Pandemonium broke out as every predator in the pack went wild. Ron Mark wanted to know whether the Minister included same-sex partners in his 'sex in prison' philosophy and whether we could expect to end up with “two men and their adopted children sharing the confines of a private room, in prison, having sex?”

Richard Prebble, noting the Minister’s comment that some prisoners might simply have a cuddle and a glass of milk in mind, wanted to know whether “cuddles, milk, and sex are to be part of New Zealand’s prison policy” and if so, “what happened to punishment for crime?”

A number of members helpfully suggested that the punishment probably had something to do with the milk not being warmed.

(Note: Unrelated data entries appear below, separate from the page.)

(* L is recovered from I_L through its binomials x^v + x^0. *)
Lemma lattice_ideal_inj n (L1 L2 : Zn n -> Prop) :
  is_sublattice L1 -> is_sublattice L2 ->
  (forall f, lattice_ideal L1 f <-> lattice_ideal L2 f) -> forall v, L1 v -> L2 v.
Proof.
move=> HL1 HL2 E v L1v; have [->|v0] := eqVneq v 0; first exact: HL2.1.
have /E H2 : lattice_ideal L1 [fset v; 0] by apply: binomial_ideal; rewrite ?subr0.
have := lattice_ideal_pair_sub HL2 H2 (fset_nonempty (fset1U1 _ _)) (fsubset_refl _).
by rewrite subr0.
Qed.

Lemma ideal_local n (I : bpoly n -> Prop) (f : bpoly n) : is_ideal I ->
  (forall x, x \in f -> exists2 c, I c & x \in c /\ c `<=` f) -> I f.
Proof.
move=> [I0 [IU _]] cover.
have grow (s : seq (Zn n)) : {subset s <= f} ->
    exists2 h, I h & {subset s <= h} /\ h `<=` f.
  elim: s => [|x s IH] sf; first by exists fset0; rewrite ?fsub0set.
  have [h Ih [sh hf]] := IH (fun t ts => sf t (@mem_behead _ (x :: s) t ts)).
  have [c Ic [xc cf]] := cover x (sf x (mem_head x s)).
  exists (h `|` c); first exact: IU.
  split; last by rewrite fsubUset hf cf.
  by move=> t; rewrite inE in_fsetU => /orP [/eqP ->|/sh ->]; rewrite ?xc ?orbT.
have [h Ih [fh hf]] := grow (enum_fset f) (fun t => id).
suff -> : f = h by [].
by apply/eqP; rewrite eqEfsubset hf andbT; apply/fsubsetP => t /fh.
Qed.

Lemma bmul_monomial n (c : Zn n) (g : bpoly n) :
  bmul [fset c] g = [fset c + t | t in g].
Proof.
apply/fsetP => t; apply/imfset2P/imfsetP => [[a]|[x xg ->]].
  by rewrite inE => /eqP -> [x xg ->]; exists x.
by exists c; rewrite ?inE //; exists x.
Qed.

Section ZeroDimDegreeTwo.
Variables (n : nat) (I : bpoly n -> Prop).
Hypothesis HI : zero_dim_trop_ideal_deg I 2.
Implicit Types (f g h : bpoly n) (a b c t u v x y z : Zn n).

Let I_ideal : is_ideal I := HI.1.1.
Let I_elim := HI.1.2.
Let I_rank : matroid_rank I 2 := HI.2.

Lemma ideal_translate c g : I g -> I [fset c + t | t in g].
Proof. by rewrite -bmul_monomial; apply: I_ideal.2.2. Qed.

(* I contains no monomial: otherwise, translating it, no point would be
   independent, while the rank is 2. *)
Lemma no_monomial a : ~ I [fset a].
Proof.
move=> Ia; have [[S [indS cS]] _] := I_rank.
have [b bS] : exists b, b \in S by apply: fset_memP; rewrite -cardfs_gt0 cS.
have := ideal_translate (b - a) Ia; rewrite imfset_fset1 subrK => Ib.
by apply: (indS _ Ib (fset_nonempty (fset11 b))); rewrite fsub1set.
Qed.

Definition related x y : Prop := x = y \/ I [fset x; y].

Definition ideal_lattice v : Prop := related v 0.

Lemma related_diff x y : ideal_lattice (x - y) <-> related x y.
Proof.
split=> [[/eqP|Ixy]|[->|Ixy]]; first by rewrite subr_eq0 => /eqP ->; left.
- by right; have := ideal_translate y Ixy; rewrite imfset_fset2 addr0 addrC subrK.
- by left; rewrite subrr.
- by right; have := ideal_translate (- y) Ixy; rewrite imfset_fset2 addNr addrC.
Qed.

Lemma related_sym x y : related x y -> related y x.
Proof. by case=> [->|Ixy]; [left | right; rewrite fsetUC]. Qed.

(* Transitivity is monomial elimination: eliminating y from the binomials
   {x, y} and {y, z} leaves a member of I that contains the symmetric
   difference {x, z} and is contained in {x, z}. *)
Lemma related_trans x y z : related x y -> related y z -> related x z.
Proof.
case=> [->//|Ixy]; case=> [<-|Iyz]; first by right.
have [->|xz] := eqVneq x z; first by left.
have [->|xy] := eqVneq x y; first by right.
have [<-|yz] := eqVneq y z; first by right.
have yxy : y \in [fset x; y] by rewrite !inE eqxx orbT.
have [h [Ih [hmin hmax]]] := I_elim Ixy Iyz yxy (fset1U1 y _).
right; suff -> : [fset x; z] = h by [].
apply/eqP; rewrite eqEfsubset; apply/andP; split.
  apply: fsub2; apply: (fsubsetP hmin); rewrite !inE !eqxx /= ?orbT.
    by rewrite (negbTE xy) (negbTE xz).
  by rewrite eq_sym (negbTE xz) eq_sym (negbTE yz).
apply/fsubsetP => t /(fsubsetP hmax); rewrite !inE => /andP [ty].
by rewrite (negbTE ty) /= ?orbF => /orP [] ->; rewrite ?orbT.
Qed.

Lemma ideal_lattice_sublattice : is_sublattice ideal_lattice.
Proof.
split; first by left.
move=> u v Lu Lv; apply/related_diff; apply: related_trans Lu _.
exact: related_sym.
Qed.

(* L_I is proper: two independent points are not related. *)
Lemma ideal_lattice_proper : is_proper_sublattice ideal_lattice.
Proof.
split; first exact: ideal_lattice_sublattice.
have [[S [indS cS]] _] := I_rank.
have [a [b [aS bS ab]]] := pick2 (eq_leq (esym cS)).
exists (a - b) => /related_diff [eab|Iab]; first by rewrite eab eqxx in ab.
exact: indS Iab (fset_nonempty (fset1U1 _ _)) (fsub2 aS bS).
Qed.

Lemma ideal_pair_sub g b c : I g -> g != fset0 -> g `<=` [fset b; c] -> I [fset b; c].
Proof.
move=> Ig g0 gbc; have inbc t : t \in g -> t = b \/ t = c.
  by move/(fsubsetP gbc)/mem_fset2.
have monomial a : g `<=` [fset a] -> False.
  by rewrite fsubset1 (negbTE g0) orbF => /eqP ga; apply: (@no_monomial a); rewrite -ga.
case: (boolP (b \in g)) => bg; last first.
  by exfalso; apply: (monomial c); apply/fsubsetP => t tg; case: (inbc t tg) => e;
    [subst t; rewrite tg in bg | rewrite e fset11].
case: (boolP (c \in g)) => cg; last first.
  by exfalso; apply: (monomial b); apply/fsubsetP => t tg; case: (inbc t tg) => e;
    [rewrite e fset11 | subst t; rewrite tg in cg].
suff <- : g = [fset b; c] by [].
by apply/eqP; rewrite eqEfsubset gbc fsub2.
Qed.

(* Core of I ⊆ I_(L_I).  Suppose x lies in g ∈ I, is related to no other
   point of g, while the other points of g are pairwise related.  Then
   eliminating any z ≠ x of g against a binomial {y, z} keeps x and shrinks
   g, until g is a monomial or the binomial {x, y}: impossible. *)
Lemma uncovered_absurd x k g : (#|` g| <= k)%N -> I g -> x \in g ->
  (forall y, y \in g -> y != x -> ~ I [fset x; y]) ->
  {in g `\ x &, forall y z, related y z} -> False.
Proof.
elim: k g => [|k IH] g cg Ig xg nox rel; first by move: cg; rewrite (cardfsD1 x) xg.
have [c2|c1] := leqP 2 #|` g `\ x|.
  have [y [z [yg zg yz]]] := pick2 c2.
  have Iyz : I [fset y; z] by case: (rel y z yg zg) => // e; rewrite e eqxx in yz.
  move: yg zg; rewrite !in_fsetD1 => /andP [yx yg] /andP [zx zg].
  have zyz : z \in [fset y; z] by rewrite !inE eqxx orbT.
  have [h [Ih [hmin hmax]]] := I_elim Ig Iyz zg zyz.
  have hg : h `<=` g `\ z.
    apply/fsubsetP => t /(fsubsetP hmax); rewrite !in_fsetD1 in_fsetU => /andP [tz].
    by rewrite tz => /orP [//|/mem_fset2 [ty|e]]; [rewrite ty | rewrite e eqxx in tz].
  have xh : x \in h.
    by apply: (fsubsetP hmin); rewrite in_fsetU in_fsetD xg !inE ![x == _]eq_sym
      (negbTE yx) (negbTE zx).
  have hsub t : t \in h -> t \in g by move/(fsubsetP hg); rewrite in_fsetD1 => /andP [].
  apply: (IH h) => //.
  - move: cg (fsubset_leq_card hg); rewrite (cardfsD1 z) zg add1n ltnS.
    by move=> cg ch; exact: leq_trans ch cg.
  - by move=> t /hsub; apply: nox.
  - by move=> t u; rewrite !in_fsetD1 => /andP [tx /hsub tg] /andP [ux /hsub ug];
      apply: rel; rewrite in_fsetD1 ?tx ?ux.
move: c1; rewrite ltnS leq_eqVlt ltnS leqn0 => /orP [/cardfs1P [y gy]|/eqP/cardfs0_eq g0].
  have /andP [yx yg] : (y != x) && (y \in g) by rewrite -in_fsetD1 gy fset11.
  have gxy : g = [fset x; y] by rewrite -{1}(fsetD1K xg) gy.
  by apply: (nox y yg yx); rewrite -gxy.
have gx : g = [fset x] by rewrite -{1}(fsetD1K xg) g0 fsetU0.
by apply: (@no_monomial x); rewrite -gx.
Qed.

Lemma ideal_covered f : I f -> lattice_ideal ideal_lattice f.
Proof.
move=> If x xf; apply: NNPP => ncov.
have nrel y : y \in f -> y != x -> ~ ideal_lattice (x - y).
  move=> yf yx Lxy; apply: ncov; left; exists y; split => //.
apply: (uncovered_absurd (k := #|` f|) (leqnn _) If xf).
  by move=> y yf yx Ixy; apply: (nrel y yf yx); apply/related_diff; right.
move=> y z; rewrite !in_fsetD1 => /andP [yx yf] /andP [zx zf].
apply: NNPP => nyz; apply: ncov; right; exists y, z; split => //.
- exact: nrel.
- exact: nrel.
- by move/related_diff.
Qed.

(* Pairwise unrelated points x, y, z carry a trinomial of I: by the rank
   bound they support a nonempty member of I, which cannot avoid any of
   them, since it would then be a binomial or a monomial. *)
Lemma trinomial_in_ideal x y z :
  ~ ideal_lattice (x - y) -> ~ ideal_lattice (x - z) -> ~ ideal_lattice (y - z) ->
  I [fset x; y; z].
Proof.
move=> n1 n2 n3; have HL := ideal_lattice_sublattice.
have c3 : (3 <= #|` [fset x; y; z]|)%N.
  apply: (card3_le _ _ _ (lattice_neq HL n1) (lattice_neq HL n2) (lattice_neq HL n3));
  by rewrite !inE eqxx ?orbT.
have [g [Ig [g0 gS]]] : exists g, I g /\ g != fset0 /\ g `<=` [fset x; y; z].
  apply: NNPP => none; suff /(I_rank.2 _) : indep I [fset x; y; z] by move/(leq_trans c3).
  by move=> g Ig g0 gS; apply: none; exists g.
have miss a b : ~ ideal_lattice (a - b) -> ~ (g `<=` [fset a; b]).
  by move=> nab /(ideal_pair_sub Ig g0) Iab; apply/nab/related_diff; right.
have inS t : t \in g -> t = x \/ t = y \/ t = z.
  by move/(fsubsetP gS)/mem_fset3 => [] ->; tauto.
have drop c a b : ~ ideal_lattice (a - b) ->
    (forall t, t \in g -> t = c \/ t = a \/ t = b) -> c \in g.
  move=> nab cab; apply: NNPP => /negP cg; apply: (miss _ _ nab).
  apply/fsubsetP => t tg; have tc : t != c by apply: contraNneq cg => <-.
  by case: (cab t tg) => [e|[->|->]];
    [rewrite e eqxx in tc | rewrite fset1U1 | rewrite !inE eqxx orbT].
have xg : x \in g by apply: (drop _ _ _ n3) => t /inS; tauto.
have yg : y \in g by apply: (drop _ _ _ n2) => t /inS; tauto.
have zg : z \in g by apply: (drop _ _ _ n1) => t /inS; tauto.
suff <- : g = [fset x; y; z] by [].
by apply/eqP; rewrite eqEfsubset gS fsub3.
Qed.

Lemma lattice_ideal_in_ideal f : lattice_ideal ideal_lattice f -> I f.
Proof.
move=> Hf; apply: ideal_local I_ideal _ => x xf.
case: (Hf x xf) => [[y [yf yx Lxy]]|[y [z [yf zf n1 n2 n3]]]].
  case/related_diff: Lxy => [exy|Ixy]; first by rewrite exy eqxx in yx.
  by exists [fset x; y] => //; split; [exact: fset1U1 | exact: fsub2].
exists [fset x; y; z]; first exact: trinomial_in_ideal.
by split; [rewrite !inE eqxx | exact: fsub3].
Qed.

Not even the Minister’s friends could awaken the stubborn sleeping neurons that refused to recognise the incoming attack. Grant Gillon rather desperately asked whether the issue of conjugal visits to prisoners was Alliance or Government policy? Cringing Labour members couldn’t work out which alternative would be worse.

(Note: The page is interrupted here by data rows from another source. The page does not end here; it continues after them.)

(* Let $s$ and $l$ be two positive integers. Let $p$ be an odd prime such that $p\ge l+2$ and $p-1$ divides none of $sl$ and $ks+1$ for $k=1,\dots,l$. Then the homogeneous multiple harmonic sum satisfies $$H(\{s\}^l; p-1)\equiv S(\{s\}^l; p-1)\equiv 0 \pmod{p^{\mathrm{par}(ls-1)}}.$$ In particular, if $p\ge ls+3$ then the congruence $H(\{s\}^l; p-1)\equiv S(\{s\}^l; p-1)\equiv 0 \pmod{p^{\mathrm{par}(ls-1)}}$ always holds, and so $p\mid H(\{s\}^l; p-1)$.
   Context: For positive integers $s_1,\dots,s_l$ and $n\ge 0$, $H(s_1,\dots,s_l;n)=\sum_{1\le k_1<\dots<k_l\le n} k_1^{-s_1}\cdots k_l^{-s_l}$ and $S(s_1,\dots,s_l;n)=\sum_{1\le k_1\le \dots\le k_l\le n} k_1^{-s_1}\cdots k_l^{-s_l}$. The notation $\{s\}^l$ denotes the sequence $(s,\dots,s)$ with $s$ repeated $l$ times. $\mathrm{par}(m)$ denotes the parity of $m$: it equals $1$ if $m$ is odd and $2$ if $m$ is even. *)

From mathcomp Require Import all_boot all_order all_algebra.
Set Implicit Arguments. Unset Strict Implicit. Unset Printing Implicit Defensive.
Import Order.TTheory GRing.Theory Num.Theory.
Local Open Scope ring_scope.

(* Multiple harmonic sum H(s_1,...,s_l; n) = sum_{1<=k_1<...<k_l<=n} prod k_i^{-s_i},
   indices k : 'I_l -> 'I_(n+1) (values 0..n), required to be >= 1. *)
Definition mhsH (ss : seq nat) (n : nat) : rat :=
  \sum_(k : {ffun 'I_(size ss) -> 'I_n.+1} |
         [forall i : 'I_(size ss), 0 < (k i : nat)]%N &&
         [forall i : 'I_(size ss), forall j : 'I_(size ss), (i < j)%N ==> (k i < k j)%N])
    \prod_(i < size ss) (((k i : nat)%:R : rat) ^- (nth 0%N ss i)).

Definition mhsS (ss : seq nat) (n : nat) : rat :=
  \sum_(k : {ffun 'I_(size ss) -> 'I_n.+1} |
         [forall i : 'I_(size ss), 0 < (k i : nat)]%N &&
         [forall i : 'I_(size ss), forall j : 'I_(size ss), (i < j)%N ==> (k i <= k j)%N])
    \prod_(i < size ss) (((k i : nat)%:R : rat) ^- (nth 0%N ss i)).

Definition par (m : nat) : nat := if odd m then 1%N else 2%N.

Definition cong0_mod (x : rat) (p e : nat) : Prop :=
  exists (a : int) (b : nat),
    [/\ (0 < b)%N, coprime b p, ((p ^ e)%:Z %| a)%Z & x = a%:~R / b%:R].

From mathcomp Require Import all_boot all_order all_algebra.
From mathcomp Require Import cyclic zify ring.
Set Implicit Arguments. Unset Strict Implicit. Unset Printing Implicit Defensive.
Import Order.TTheory GRing.Theory Num.Theory.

But it didn’t matter – the Minister calmly explained again that it was all part of his on-going research. In fact he couldn’t be shaken and he was going to stand on a pile of text books and doctoral theses while he was eaten alive. There were overtones of early Christendom with martyrs being fed to hungry lions. This is how the socialist pantheon acquires its new busts. It will already have been ordered.

The pack couldn’t resist carrying the attack to the Minister of Justice, Phil Goff, as well. Goff’s ability to interpret incoming data on voter perception is wholly unimpaired. Indeed, he has spent the last six years cultivating a 'get tough with crims' persona. Never in his wildest dreams did he think he would find himself being asked by Tony Ryall whether he supported “sex in prisons or toddlers behind bars”.

Only Nandor Tanczos rushed to the side of the gory corpse. Fortunately for him, the carnivores weren’t particularly aroused by talk of `genuinely victim-centred restorative justice’ and `dysfunctional adversarial systems’. The banquet was quite tasty enough without him. But he too can become irresistible if he can talk about it all in terms of some good old-fashioned pheromones.